The prelate also emphasized that "the distinction that is sometimes drawn between reproductive and therapeutic cloning seems specious. Both involve the same technical cloning process and differ only in goal. Both forms of cloning involve disrespect for the dignity of the human being."
"Further, given the fact that cloned embryos would be indistinguishable from embryos created by in vitro fertilization and could readily be implanted into wombs and brought to birth, we believe it would be practically impossible to enforce an instrument that allowed one type of cloning while banning another," he stressed.
Given that the question of the cloning of human embryos knows no boundaries, "and that this particular scientific pursuit concerns the nature and existence of human life itself," Archbishop Migliore agreed that a "supra-national" body "has the scope to encompass the full breadth of this issue. This matter -- of vital interest to the human race today and in the future -- properly belongs here in this universal body," he said to the committee and the general assembly.
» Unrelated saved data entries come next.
Lemma ordered_ramsey_step :
  exists a, {homo a : i j / i < j} /\ order_canonical c a.
Proof.
have [v [b [b_homo color_b]]] := infinite_pigeonhole tail_color.
exists (diag \o b); split=> [i j ij|f g f_inj fg]; first exact/diag_homo/b_homo.
have g_inj := pattern_inj fg f_inj.
rewrite (color_diag b_homo f_inj) (color_diag b_homo g_inj) !color_b.
rewrite -(argmin_pos_pattern f_inj fg); congr (v (_, _)).
by apply: eq_pattern => u w; rewrite /= (pattern_ltE fg).
Qed.

End OrderedRamseyStep.

Theorem ordered_ramsey n (C : finType) (c : ('I_n -> nat) -> C) :
  exists a, {homo a : i j / i < j} /\ order_canonical c a.
Proof.
elim: n C c => [|n IH] C c; last exact: ordered_ramsey_step.
by exists id; split=> // f g _ _; congr c; apply/funext => -[].
Qed.

(** * The space 2^{H_n} *)

Lemma eq_H n (s t : H n) : sval s = sval t -> s = t.
Proof. by case: s t => [f fP] [g gP] /=; apply: eq_exist. Qed.

Lemma Gorbit_refl n (S : Cantor n) : Gorbit S S.
Proof.
have id_bij : bijective (@id nat) by exists id.
by exists (exist _ id id_bij) => //; apply: funext => s; congr S; apply: eq_H.
Qed.

HB.instance Definition _ n := gen_eqMixin (H n).

Lemma nbhs_coord n (S : Cantor n) (p : H n) :
  nbhs S [set z : Cantor n | z p = S p].
Proof.
have S_p : nbhs (S p) [set b : bool | b = S p] by apply/principal_filterP.
exact: (@proj_continuous (H n) (fun=> bool) p S _ S_p).
Qed.

Definition cylinder n N (e : 'I_N -> nat) (S : Cantor n) : set (Cantor n) :=
  [set z | forall (h : 'I_n -> 'I_N) (pf : injective (e \o h)),
     z (exist _ (e \o h) pf) = S (exist _ (e \o h) pf)].

Lemma nbhs_cylinder n N (e : 'I_N -> nat) (S : Cantor n) : nbhs S (cylinder e S).
Proof.
have : \forall z \near S, forall (h : {ffun 'I_n -> 'I_N}) (pf : injective (e \o h)),
    z (exist _ (e \o h) pf) = S (exist _ (e \o h) pf).
  apply: (filter_forall (nbhs_filter S)) => h.
  have [pf0|npf] := pselect (injective (e \o h)); last by apply: nearW => z pf.
  apply: filterS (nbhs_coord S (exist _ (e \o h) pf0)) => z /= zS pf.
  by rewrite (Prop_irrelevance pf pf0).
apply: filterS => z zS h pf.
have ehE : e \o h = e \o [ffun x => h x] by apply: funext => x /=; rewrite ffunE.
have pf' : injective (e \o [ffun x => h x]) by rewrite -ehE.
by rewrite (_ : exist _ _ pf = exist _ _ pf') ?zS //; apply: eq_H.
Qed.

Lemma cvg_coordwise n (F : set_system (Cantor n)) (y : Cantor n) : Filter F ->
  (forall p, \forall z \near F, z p = y p) -> F --> y.
Proof.
move=> FF Fy.
have [_ +] := @cvg_sup _ _
  (fun p => Topological.class (initial_topology (fun f : H n -> bool => f p))) F y FF.
apply=> p A; rewrite nbhsE => -[C [[B _ CB] Cy] CA].
rewrite nbhs_filterE; apply: filterS (Fy p) => z zy; apply: CA.
by rewrite -CB /= zy; rewrite -CB in Cy.
Qed.

Lemma closure_coordwise_limit n (A : set (Cantor n)) (u : nat -> Cantor n)
    (y : Cantor n) :
  (forall k, A (u k)) -> (forall p, \forall k \near \oo, u k p = y p) -> closure A y.
Proof.
move=> Au uy B /(@cvg_coordwise n (u @ \oo) y _ uy) [K _ uB].
by exists (u K); split; [exact: Au | apply: uB => /=].
Qed.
Moreover, "the subject of human embryonic cloning can best be addressed by a juridical instrument, since the rule of law is essential to the promotion and protection of human life. It is by the rule of law, based on right reason, that societies can properly regulate whatever appears to challenge our fundamental notions of human life and dignity" Archbishop Migliore pointed out.
Therefore, "the Holy See remains convinced of the wisdom of an international juridical instrument that comprehensively bans human embryonic cloning," the Archbishop said.